Recently I found a particularly useful expression of this idea in Inquiring Mind, a Buddhist journal. It is an interview conducted by Kevin Griffin, author of One Breath at a Time: Buddhism and the Twelve Steps.

Griffin spoke with Alan Marlatt, director of the Addictive Behaviors Research Center at the University of Washington. Marlatt developed the Mindfulness-Based Relapse Prevention (MBRP) program. Its purpose is to help recovering alcoholics and addicts learn not to act on urges to drink alcohol or use other drugs.

The essence of MBRP is meta-cognition. Marlatt describes this as “the ability to stand back, observe what is happening and think about what you are doing rather than being on automatic pilot.”

Marlatt goes on to explain a handy technique for meta-cognition. He summarizes the steps in this technique with an acronym—SOBER.

Suppose that you’re a recovering alcoholic and you walk by a bar you used to visit. A thought arises: I could just step inside and see if anyone I know is there.

That thought is a stimulus, triggering a craving for alcohol. And a likely response is falling off the wagon.

Instead, you can:

  • Stop walking.
  • Observe your thoughts and feelings.
  • Breathe will mindful awareness.
  • Expand your awareness so that you can visualize the likely result of entering the bar.
  • Respond in a way that sustains your recovery—such as walking quickly away from the bar.

This is a simple and practical way to deal with cravings of any type. The essence is to stop, breathe, and cultivate a moment of self-awareness.

That’s all it takes to introduce a sacred space between stimulus and response.

Like the old saying goes: What you are aware of, you can control; what you are not aware of, controls you.

Image by hmerinomx, Flickr Creative Commons

Does Behavior Change Gradually or Immediately?

I just finished listening to a marvelous audiobook by psychotherapist Bruce Tift from Sounds TrueAlready Free: Buddhism Meets Psychotherapy on the Path of Liberation. One thing that I appreciate about Tift is his “big sky mind”—his willingness to see contradictory ideas from a wider perspective that embraces all of them.

Case in point: Buddhism and psychotherapy.

Both Buddhism and psychotherapy aim to help us stop suffering. And, they propose different means to get there.

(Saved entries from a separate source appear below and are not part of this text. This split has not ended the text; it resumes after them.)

Lemma instance_valid x i : valid_instance k (instance x i).
Proof.
split; [exact: instance_loopless | split; first by rewrite stream_links_instance].
rewrite stream_edges_instance -[instance_edges x i]cats0.
by apply: instance_connected; case: (x i); lia.
Qed.

Lemma feasible_link x i : feasible_aug k (instance x i) [set npair (a i) hub].
Proof.
rewrite /feasible_aug stream_links_instance stream_edges_instance enum_set1.
apply/andP; split; first by apply/subsetP => e; rewrite !inE.
apply: instance_connected => //.
rewrite cut_size_npair /cut_size /= a_in_slot_cut eqxx (negbTE (hub_notin_slot_cut i)).
by case: (x i); lia.
Qed.

Lemma feasible_set0 x i : feasible_aug k (instance x i) set0 = ~~ x i.
Proof.
rewrite /feasible_aug sub0set enum_set0 cats0 stream_edges_instance /=.
case xi: (x i) => /=.
  apply/negP => /forallP /(_ (slot_cut i)).
  by rewrite slot_cut_neq0 slot_cut_neqT cut_instance_slot xi /=; lia.
by rewrite -[instance_edges x i]cats0 instance_connected // xi /=; lia.
Qed.

Lemma approx_solution_instance alpha x i S :
  approx_solution k alpha (instance x i) S -> (S != set0) = x i.
Proof.
case/andP => feasible_S /forallP /(_ set0); rewrite feasible_set0.
case xi: (x i) => /=.
  by move=> _; apply: contraTneq feasible_S => ->; rewrite feasible_set0 xi.
by rewrite cards0 muln0 leqn0 cards_eq0 => /eqP ->; rewrite eqxx.
Qed.

Lemma index_reduction alpha s (Omega : finType) (mu : Omega -> R) (A : Omega -> stream_alg n s) :
  is_distr mu -> solves_whp k alpha mu A ->
  exists (enc : {ffun J -> bool} -> s.-tuple bool) (dec : s.-tuple bool -> J -> bool),
    2 * #|J| * 2 ^ #|J| <= 3 * \sum_x hits enc dec x.
Proof.
move=> mu_distr A_whp.
pose good w (p : {ffun J -> bool} * J) :=
  approx_solution k alpha (instance p.1 p.2) (run_alg (A w) (instance p.1 p.2)).
have [w good_w] : exists w, 2 * #|{: {ffun J -> bool} * J}| <= 3 * \sum_p good w p.
  apply: exists_good_seed mu_distr _ => -[x i].
  apply: A_whp; first exact: instance_valid.
  by exists [set npair (a i) hub]; apply: feasible_link.
pose step m y := sa_step (A w) y m.
exists (fun x => foldl step (sa_init (A w)) (edge_items (prefix_edges x))).
exists (fun m i => sa_out (A w)
  (foldl step m (edge_items (query_edges i) ++ [:: (false, (a i, hub))])) != set0).
have -> : 2 * #|J| * 2 ^ #|J| = 2 * #|{: {ffun J -> bool} * J}|.
  by rewrite card_prod card_ffun card_bool mulnAC mulnA.
apply: leq_trans good_w _; rewrite leq_mul2l /hits pair_big /=.
apply: leq_sum => -[x i] _; case: (boolP (good w (x, i))) => //= /approx_solution_instance <-.
by rewrite /run_alg /instance (foldl_cat _ _ (edge_items (prefix_edges x))) eqxx.
Qed.

End IndexInstance.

“Buddhist practice helps us awaken to a well-being that is independent of our circumstances,” Tift says, “while Western psychotherapy helps us bring our disowned experience into awareness in order to live in a more skillful and satisfying way.”

Two Paths to Change

Put another way, Buddhist practice changes us by helping us see things as they are in this moment—without the filters imposed by our concepts and judgments. We can call this the immediate path.

Psychotherapy, too, is about seeing things as they are. But therapy takes place in stages. We accumulate insights. We clarify intentions. We plan new behaviors and perhaps change our circumstances. This valuable process takes place over time. Call it the gradual path.

So which do we choose? Immediate or gradual?

Tift’s answer—both.

“These two approaches sometimes contradict and sometimes support each other,” Tift explains. “When used together, they can help us open to all of life in all its richness, its disturbances, and its inherent completeness.”

More About the Immediate Path

In Western cultures, most of us are familiar with the gradual path. It fits with our conventional ideas about setting goals and taking action to achieve them. So, l’d like to describe the immediate path in more detail.

When taking this path, we see that effortless action flows from clear seeing. Awareness itself brings change. Doing flows from being—the way we see things before we take any action.

When we see the world without the distortions imposed by attachment and aversion, our behavior changes naturally. We can find many examples of this:

When we stop seeing people as enemies, we treat them kindly.

When we see that a personal habit inevitably makes us suffer, we’re free to drop it.

Simply by noticing that you’re slumping in your chair, you naturally assume a posture that is both more erect and more comfortable.

During meditation, simply noticing points of tension in your body allows you to relax.

Embracing Both Paths

So when you’re faced with a behavior that you want to change, Tift says, you always have two options.

One option is the gradual path. Take the time to learn new skills, one at a time, and practice them until they become habits. List the steps needed to achieve a goal and complete those steps one at a time.

Make the effort and welcome the change. It works.

Another option is the immediate path. Instead of planning to change the behavior, just shine the light of awareness on it and notice what happens.

Make no effort and welcome the change. It works.

Isn’t it great that we get to live with paradox?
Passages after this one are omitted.